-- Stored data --
[Start of Attachment]

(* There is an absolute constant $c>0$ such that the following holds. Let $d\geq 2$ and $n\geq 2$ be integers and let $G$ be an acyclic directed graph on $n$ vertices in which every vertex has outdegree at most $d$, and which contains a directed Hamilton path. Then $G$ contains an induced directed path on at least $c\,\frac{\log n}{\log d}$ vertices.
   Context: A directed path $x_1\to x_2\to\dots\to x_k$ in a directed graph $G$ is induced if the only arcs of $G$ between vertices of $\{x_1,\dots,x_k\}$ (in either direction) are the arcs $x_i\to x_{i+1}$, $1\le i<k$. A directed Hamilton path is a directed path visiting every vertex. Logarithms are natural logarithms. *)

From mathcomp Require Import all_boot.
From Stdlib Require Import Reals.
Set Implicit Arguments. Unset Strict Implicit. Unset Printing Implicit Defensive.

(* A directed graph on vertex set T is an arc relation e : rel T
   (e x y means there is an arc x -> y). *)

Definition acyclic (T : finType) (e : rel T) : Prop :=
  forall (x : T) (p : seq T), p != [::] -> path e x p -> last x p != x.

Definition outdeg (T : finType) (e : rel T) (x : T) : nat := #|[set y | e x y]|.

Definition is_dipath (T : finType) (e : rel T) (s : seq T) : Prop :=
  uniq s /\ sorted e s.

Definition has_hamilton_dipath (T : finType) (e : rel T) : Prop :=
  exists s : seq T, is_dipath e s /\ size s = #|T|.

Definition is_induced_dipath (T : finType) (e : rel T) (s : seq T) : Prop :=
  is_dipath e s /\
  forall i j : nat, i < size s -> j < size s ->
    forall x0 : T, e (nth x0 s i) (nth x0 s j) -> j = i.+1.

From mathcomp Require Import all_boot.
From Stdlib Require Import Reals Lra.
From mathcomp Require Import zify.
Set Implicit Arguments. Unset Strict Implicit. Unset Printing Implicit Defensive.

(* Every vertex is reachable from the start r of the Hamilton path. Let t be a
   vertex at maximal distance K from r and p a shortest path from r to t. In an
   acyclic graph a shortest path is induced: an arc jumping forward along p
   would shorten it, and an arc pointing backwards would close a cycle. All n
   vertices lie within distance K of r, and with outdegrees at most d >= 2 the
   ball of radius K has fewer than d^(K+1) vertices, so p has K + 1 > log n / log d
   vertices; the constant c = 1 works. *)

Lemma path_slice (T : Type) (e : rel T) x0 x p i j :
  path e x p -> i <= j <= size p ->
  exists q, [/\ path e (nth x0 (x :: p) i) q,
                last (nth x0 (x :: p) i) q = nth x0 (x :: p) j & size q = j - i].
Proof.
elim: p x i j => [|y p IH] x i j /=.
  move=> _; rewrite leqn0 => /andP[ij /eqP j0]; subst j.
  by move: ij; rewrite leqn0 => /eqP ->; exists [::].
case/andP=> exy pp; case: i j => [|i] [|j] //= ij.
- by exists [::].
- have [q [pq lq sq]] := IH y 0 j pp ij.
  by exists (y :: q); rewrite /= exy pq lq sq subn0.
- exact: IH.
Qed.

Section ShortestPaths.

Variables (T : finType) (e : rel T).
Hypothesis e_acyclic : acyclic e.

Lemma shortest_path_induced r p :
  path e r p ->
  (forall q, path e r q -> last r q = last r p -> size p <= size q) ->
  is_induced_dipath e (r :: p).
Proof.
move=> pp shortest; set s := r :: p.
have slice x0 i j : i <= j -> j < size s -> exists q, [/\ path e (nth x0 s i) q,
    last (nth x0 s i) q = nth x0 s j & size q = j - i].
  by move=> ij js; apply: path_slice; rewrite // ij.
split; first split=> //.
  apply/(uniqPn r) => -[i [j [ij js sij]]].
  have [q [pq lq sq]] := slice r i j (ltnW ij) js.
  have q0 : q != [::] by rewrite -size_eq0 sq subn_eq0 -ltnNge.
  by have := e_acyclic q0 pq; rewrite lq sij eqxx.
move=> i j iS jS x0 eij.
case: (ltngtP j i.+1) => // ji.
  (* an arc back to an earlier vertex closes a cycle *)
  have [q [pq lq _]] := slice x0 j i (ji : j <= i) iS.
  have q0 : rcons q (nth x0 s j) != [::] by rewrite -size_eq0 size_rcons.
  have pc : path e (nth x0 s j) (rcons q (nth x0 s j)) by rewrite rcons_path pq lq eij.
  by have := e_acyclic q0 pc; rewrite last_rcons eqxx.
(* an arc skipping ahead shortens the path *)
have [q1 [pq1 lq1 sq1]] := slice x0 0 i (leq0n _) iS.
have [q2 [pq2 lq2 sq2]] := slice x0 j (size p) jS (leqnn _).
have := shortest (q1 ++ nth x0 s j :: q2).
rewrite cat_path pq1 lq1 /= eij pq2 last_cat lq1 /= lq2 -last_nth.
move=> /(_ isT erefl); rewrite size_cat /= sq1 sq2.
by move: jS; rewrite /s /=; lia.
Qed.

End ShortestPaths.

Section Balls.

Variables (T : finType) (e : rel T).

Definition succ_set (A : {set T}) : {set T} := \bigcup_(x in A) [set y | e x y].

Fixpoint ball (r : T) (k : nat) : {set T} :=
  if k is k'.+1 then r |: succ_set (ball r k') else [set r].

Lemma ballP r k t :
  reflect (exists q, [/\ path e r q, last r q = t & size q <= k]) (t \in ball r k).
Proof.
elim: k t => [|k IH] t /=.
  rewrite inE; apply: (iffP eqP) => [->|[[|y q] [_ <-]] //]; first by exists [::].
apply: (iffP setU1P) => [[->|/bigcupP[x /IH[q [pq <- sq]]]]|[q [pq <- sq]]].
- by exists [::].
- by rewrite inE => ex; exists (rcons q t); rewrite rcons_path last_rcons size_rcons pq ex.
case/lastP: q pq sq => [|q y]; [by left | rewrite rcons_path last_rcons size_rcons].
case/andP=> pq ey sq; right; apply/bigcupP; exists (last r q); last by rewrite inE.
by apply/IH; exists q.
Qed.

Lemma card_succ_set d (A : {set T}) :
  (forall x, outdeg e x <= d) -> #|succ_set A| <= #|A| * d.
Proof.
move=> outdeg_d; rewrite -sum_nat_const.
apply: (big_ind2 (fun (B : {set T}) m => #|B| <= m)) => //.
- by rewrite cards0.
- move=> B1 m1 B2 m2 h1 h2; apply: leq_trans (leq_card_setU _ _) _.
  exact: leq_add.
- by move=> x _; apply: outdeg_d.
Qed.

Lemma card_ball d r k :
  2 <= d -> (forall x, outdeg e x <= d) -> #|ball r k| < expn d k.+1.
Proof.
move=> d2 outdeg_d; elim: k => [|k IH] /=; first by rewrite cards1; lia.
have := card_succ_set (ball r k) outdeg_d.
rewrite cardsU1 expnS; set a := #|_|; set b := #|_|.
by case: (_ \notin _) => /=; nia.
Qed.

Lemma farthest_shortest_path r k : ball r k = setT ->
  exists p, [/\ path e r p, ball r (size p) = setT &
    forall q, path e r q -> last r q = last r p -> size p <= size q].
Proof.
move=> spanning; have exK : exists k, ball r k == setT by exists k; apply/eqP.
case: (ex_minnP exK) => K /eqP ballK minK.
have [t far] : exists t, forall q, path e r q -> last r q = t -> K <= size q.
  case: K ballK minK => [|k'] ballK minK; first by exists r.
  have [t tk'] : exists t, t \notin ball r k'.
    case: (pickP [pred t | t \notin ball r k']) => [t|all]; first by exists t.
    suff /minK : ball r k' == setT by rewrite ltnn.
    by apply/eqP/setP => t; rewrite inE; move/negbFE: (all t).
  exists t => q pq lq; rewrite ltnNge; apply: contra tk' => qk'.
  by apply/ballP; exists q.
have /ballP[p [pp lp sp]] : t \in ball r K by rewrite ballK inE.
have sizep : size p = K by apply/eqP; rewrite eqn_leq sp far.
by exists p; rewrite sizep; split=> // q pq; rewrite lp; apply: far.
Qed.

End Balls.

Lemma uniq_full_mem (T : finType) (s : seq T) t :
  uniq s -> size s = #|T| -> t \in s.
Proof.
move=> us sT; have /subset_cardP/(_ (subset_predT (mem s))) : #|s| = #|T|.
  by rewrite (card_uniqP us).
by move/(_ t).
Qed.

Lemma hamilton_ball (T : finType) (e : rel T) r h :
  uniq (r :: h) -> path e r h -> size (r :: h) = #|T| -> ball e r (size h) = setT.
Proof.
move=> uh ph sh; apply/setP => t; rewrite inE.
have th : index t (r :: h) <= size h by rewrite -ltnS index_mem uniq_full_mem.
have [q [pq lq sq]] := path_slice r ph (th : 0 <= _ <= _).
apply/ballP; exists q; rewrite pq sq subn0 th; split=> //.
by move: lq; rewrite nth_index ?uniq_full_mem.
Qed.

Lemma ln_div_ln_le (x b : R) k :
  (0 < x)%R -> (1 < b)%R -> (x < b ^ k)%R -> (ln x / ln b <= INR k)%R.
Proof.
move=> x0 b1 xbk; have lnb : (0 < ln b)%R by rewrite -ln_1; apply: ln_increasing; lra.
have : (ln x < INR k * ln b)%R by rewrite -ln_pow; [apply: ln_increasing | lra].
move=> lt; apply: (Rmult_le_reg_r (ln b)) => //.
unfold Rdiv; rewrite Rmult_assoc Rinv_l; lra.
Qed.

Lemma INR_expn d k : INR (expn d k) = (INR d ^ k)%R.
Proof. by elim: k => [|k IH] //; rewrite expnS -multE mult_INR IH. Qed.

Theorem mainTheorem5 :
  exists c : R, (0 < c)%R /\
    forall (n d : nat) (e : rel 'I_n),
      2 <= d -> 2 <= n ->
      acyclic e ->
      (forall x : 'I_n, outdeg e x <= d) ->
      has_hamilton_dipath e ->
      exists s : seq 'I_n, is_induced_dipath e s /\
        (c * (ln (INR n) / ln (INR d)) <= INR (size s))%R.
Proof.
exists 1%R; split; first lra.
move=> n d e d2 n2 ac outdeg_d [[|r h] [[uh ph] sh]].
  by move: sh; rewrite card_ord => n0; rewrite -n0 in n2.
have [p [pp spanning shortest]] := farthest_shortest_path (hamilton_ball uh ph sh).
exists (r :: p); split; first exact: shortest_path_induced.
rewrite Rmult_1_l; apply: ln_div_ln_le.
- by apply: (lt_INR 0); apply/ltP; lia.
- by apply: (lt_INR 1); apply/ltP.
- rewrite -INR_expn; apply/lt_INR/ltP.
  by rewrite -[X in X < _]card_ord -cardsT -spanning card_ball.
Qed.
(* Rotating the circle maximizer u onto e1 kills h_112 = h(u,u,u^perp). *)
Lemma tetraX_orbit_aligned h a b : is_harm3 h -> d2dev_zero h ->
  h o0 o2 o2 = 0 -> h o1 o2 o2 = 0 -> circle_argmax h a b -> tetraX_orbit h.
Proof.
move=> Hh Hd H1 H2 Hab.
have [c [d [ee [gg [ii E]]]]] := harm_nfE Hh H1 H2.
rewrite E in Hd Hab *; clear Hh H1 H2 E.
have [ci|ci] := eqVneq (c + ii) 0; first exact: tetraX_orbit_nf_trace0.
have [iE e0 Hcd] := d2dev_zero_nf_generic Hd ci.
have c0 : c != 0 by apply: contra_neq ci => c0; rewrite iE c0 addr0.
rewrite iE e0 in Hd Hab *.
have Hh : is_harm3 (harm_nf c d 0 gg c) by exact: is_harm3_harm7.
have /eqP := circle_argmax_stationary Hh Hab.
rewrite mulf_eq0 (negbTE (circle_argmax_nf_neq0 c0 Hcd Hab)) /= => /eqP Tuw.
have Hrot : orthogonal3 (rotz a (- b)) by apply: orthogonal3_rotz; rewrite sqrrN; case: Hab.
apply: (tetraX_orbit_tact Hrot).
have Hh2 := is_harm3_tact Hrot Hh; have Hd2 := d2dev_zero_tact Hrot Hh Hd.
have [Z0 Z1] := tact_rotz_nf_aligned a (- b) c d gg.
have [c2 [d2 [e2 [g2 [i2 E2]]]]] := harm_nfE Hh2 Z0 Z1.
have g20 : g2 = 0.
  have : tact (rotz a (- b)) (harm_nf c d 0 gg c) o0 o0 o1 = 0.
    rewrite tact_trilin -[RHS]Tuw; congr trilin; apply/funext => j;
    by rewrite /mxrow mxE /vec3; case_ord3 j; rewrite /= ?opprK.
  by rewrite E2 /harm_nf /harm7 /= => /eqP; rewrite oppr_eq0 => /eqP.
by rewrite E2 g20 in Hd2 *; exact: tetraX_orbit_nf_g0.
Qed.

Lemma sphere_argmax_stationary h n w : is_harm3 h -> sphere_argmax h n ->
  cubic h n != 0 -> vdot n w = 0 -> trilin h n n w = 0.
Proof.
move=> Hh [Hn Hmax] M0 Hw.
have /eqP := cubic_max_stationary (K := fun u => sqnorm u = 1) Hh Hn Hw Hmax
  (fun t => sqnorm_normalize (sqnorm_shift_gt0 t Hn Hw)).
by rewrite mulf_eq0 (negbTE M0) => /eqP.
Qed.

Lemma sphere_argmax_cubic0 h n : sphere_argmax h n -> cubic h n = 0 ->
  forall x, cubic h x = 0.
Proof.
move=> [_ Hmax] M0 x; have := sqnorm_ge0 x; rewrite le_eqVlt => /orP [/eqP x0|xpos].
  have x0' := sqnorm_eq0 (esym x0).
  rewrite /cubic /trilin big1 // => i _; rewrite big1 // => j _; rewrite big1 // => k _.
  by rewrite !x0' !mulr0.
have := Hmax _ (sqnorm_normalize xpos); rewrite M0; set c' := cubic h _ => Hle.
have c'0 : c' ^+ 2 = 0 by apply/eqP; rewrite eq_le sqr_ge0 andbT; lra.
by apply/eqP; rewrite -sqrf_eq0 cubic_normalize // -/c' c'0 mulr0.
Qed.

[End of Attachment]

Beginning at the line above with "apply: (iffP setU1P)" and finishing at the line with "Lemma hamilton_ball (T", return each line exactly and return nothing else.

apply: (iffP setU1P) => [[->|/bigcupP[x /IH[q [pq <- sq]]]]|[q [pq <- sq]]].
- by exists [::].
- by rewrite inE => ex; exists (rcons q t); rewrite rcons_path last_rcons size_rcons pq ex.
case/lastP: q pq sq => [|q y]; [by left | rewrite rcons_path last_rcons size_rcons].
case/andP=> pq ey sq; right; apply/bigcupP; exists (last r q); last by rewrite inE.
by apply/IH; exists q.
Qed.

Lemma card_succ_set d (A : {set T}) :
  (forall x, outdeg e x <= d) -> #|succ_set A| <= #|A| * d.
Proof.
move=> outdeg_d; rewrite -sum_nat_const.
apply: (big_ind2 (fun (B : {set T}) m => #|B| <= m)) => //.
- by rewrite cards0.
- move=> B1 m1 B2 m2 h1 h2; apply: leq_trans (leq_card_setU _ _) _.
  exact: leq_add.
- by move=> x _; apply: outdeg_d.
Qed.

Lemma card_ball d r k :
  2 <= d -> (forall x, outdeg e x <= d) -> #|ball r k| < expn d k.+1.
Proof.
move=> d2 outdeg_d; elim: k => [|k IH] /=; first by rewrite cards1; lia.
have := card_succ_set (ball r k) outdeg_d.
rewrite cardsU1 expnS; set a := #|_|; set b := #|_|.
by case: (_ \notin _) => /=; nia.
Qed.

Lemma farthest_shortest_path r k : ball r k = setT ->
  exists p, [/\ path e r p, ball r (size p) = setT &
    forall q, path e r q -> last r q = last r p -> size p <= size q].
Proof.
move=> spanning; have exK : exists k, ball r k == setT by exists k; apply/eqP.
case: (ex_minnP exK) => K /eqP ballK minK.
have [t far] : exists t, forall q, path e r q -> last r q = t -> K <= size q.
  case: K ballK minK => [|k'] ballK minK; first by exists r.
  have [t tk'] : exists t, t \notin ball r k'.
    case: (pickP [pred t | t \notin ball r k']) => [t|all]; first by exists t.
    suff /minK : ball r k' == setT by rewrite ltnn.
    by apply/eqP/setP => t; rewrite inE; move/negbFE: (all t).
  exists t => q pq lq; rewrite ltnNge; apply: contra tk' => qk'.
  by apply/ballP; exists q.
have /ballP[p [pp lp sp]] : t \in ball r K by rewrite ballK inE.
have sizep : size p = K by apply/eqP; rewrite eqn_leq sp far.
by exists p; rewrite sizep; split=> // q pq; rewrite lp; apply: far.
Qed.

End Balls.

Lemma uniq_full_mem (T : finType) (s : seq T) t :
  uniq s -> size s = #|T| -> t \in s.
Proof.
move=> us sT; have /subset_cardP/(_ (subset_predT (mem s))) : #|s| = #|T|.
  by rewrite (card_uniqP us).
by move/(_ t).
Qed.

Lemma hamilton_ball (T : finType) (e : rel T) r h :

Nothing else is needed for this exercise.